▸ ASSIGNMENT
List each line of the data in which the string "catA" appears.

▸ Stored data
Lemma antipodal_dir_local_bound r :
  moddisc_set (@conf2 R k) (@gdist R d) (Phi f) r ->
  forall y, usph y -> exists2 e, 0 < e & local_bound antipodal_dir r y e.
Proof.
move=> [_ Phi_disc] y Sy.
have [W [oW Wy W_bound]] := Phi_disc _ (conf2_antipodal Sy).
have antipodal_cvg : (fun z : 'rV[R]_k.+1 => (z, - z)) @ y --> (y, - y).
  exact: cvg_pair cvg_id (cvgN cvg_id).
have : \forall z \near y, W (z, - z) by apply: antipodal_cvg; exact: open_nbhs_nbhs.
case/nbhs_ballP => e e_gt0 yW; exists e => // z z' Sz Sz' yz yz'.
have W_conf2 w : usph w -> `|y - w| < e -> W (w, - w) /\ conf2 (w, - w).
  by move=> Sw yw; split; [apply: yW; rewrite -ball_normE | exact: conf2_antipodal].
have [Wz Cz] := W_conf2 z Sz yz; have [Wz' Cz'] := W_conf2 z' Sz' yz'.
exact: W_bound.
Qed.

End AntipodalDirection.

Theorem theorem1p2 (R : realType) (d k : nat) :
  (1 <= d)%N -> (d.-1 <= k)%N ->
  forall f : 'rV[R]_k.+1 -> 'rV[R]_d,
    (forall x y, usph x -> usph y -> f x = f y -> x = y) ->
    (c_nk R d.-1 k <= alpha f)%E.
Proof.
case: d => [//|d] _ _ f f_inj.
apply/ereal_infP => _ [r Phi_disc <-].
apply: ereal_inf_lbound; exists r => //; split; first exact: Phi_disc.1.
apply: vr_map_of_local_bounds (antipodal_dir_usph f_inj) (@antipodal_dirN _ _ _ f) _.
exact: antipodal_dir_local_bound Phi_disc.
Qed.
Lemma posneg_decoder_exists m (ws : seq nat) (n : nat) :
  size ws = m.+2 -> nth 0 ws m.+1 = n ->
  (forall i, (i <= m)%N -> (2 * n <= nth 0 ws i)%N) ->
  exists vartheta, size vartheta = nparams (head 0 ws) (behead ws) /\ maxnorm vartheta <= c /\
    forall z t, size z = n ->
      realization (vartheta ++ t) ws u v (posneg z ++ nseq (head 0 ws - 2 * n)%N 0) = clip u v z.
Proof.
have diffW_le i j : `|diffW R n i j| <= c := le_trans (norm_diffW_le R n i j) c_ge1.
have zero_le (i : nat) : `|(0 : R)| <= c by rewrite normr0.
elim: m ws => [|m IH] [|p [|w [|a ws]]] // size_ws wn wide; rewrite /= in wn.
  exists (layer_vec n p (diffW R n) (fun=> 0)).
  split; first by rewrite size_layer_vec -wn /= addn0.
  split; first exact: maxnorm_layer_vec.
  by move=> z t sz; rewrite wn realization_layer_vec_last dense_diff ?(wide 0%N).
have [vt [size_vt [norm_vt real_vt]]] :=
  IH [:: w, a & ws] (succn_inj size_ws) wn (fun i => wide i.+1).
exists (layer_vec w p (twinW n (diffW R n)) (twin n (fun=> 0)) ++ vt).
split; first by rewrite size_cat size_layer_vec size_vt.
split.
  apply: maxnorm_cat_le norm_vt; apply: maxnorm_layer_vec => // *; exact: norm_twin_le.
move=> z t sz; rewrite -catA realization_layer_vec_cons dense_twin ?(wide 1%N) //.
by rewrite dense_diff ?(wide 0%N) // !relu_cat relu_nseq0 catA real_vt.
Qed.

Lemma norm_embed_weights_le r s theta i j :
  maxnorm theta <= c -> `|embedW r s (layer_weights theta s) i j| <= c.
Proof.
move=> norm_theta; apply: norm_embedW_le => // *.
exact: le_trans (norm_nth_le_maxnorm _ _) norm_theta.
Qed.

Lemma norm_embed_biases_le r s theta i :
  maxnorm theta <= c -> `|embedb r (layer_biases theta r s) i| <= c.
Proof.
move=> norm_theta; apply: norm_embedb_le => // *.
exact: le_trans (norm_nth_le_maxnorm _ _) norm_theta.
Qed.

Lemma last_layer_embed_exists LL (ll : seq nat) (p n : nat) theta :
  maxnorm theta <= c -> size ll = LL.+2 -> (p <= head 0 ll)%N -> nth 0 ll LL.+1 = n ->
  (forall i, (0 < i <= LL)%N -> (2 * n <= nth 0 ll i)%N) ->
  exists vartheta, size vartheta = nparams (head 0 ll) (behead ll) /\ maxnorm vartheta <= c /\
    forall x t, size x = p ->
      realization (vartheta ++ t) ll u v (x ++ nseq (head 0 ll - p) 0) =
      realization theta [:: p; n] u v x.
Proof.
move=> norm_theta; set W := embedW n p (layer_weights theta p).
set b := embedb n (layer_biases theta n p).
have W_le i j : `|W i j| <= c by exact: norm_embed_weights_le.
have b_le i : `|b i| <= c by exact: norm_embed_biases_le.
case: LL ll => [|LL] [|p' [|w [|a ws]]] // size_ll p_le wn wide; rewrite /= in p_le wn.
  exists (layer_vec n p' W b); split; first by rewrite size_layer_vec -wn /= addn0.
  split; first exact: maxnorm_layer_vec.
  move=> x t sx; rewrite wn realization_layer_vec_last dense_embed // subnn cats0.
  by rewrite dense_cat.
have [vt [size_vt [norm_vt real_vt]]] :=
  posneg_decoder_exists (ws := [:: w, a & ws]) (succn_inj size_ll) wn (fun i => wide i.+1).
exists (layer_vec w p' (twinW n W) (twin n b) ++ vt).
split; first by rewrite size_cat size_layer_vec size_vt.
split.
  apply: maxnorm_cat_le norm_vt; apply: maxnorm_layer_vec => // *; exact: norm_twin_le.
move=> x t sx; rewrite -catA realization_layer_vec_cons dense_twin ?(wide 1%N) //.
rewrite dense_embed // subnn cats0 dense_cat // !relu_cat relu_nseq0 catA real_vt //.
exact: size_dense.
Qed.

▸ YOUR SOLUTION
move=> z t sz; rewrite -catA realization_layer_vec_cons dense_twin ?(wide 1%N) //.
by rewrite dense_diff ?(wide 0%N) // !relu_cat relu_nseq0 catA real_vt.
move=> x t sx; rewrite -catA realization_layer_vec_cons dense_twin ?(wide 1%N) //.
rewrite dense_embed // subnn cats0 dense_cat // !relu_cat relu_nseq0 catA real_vt //.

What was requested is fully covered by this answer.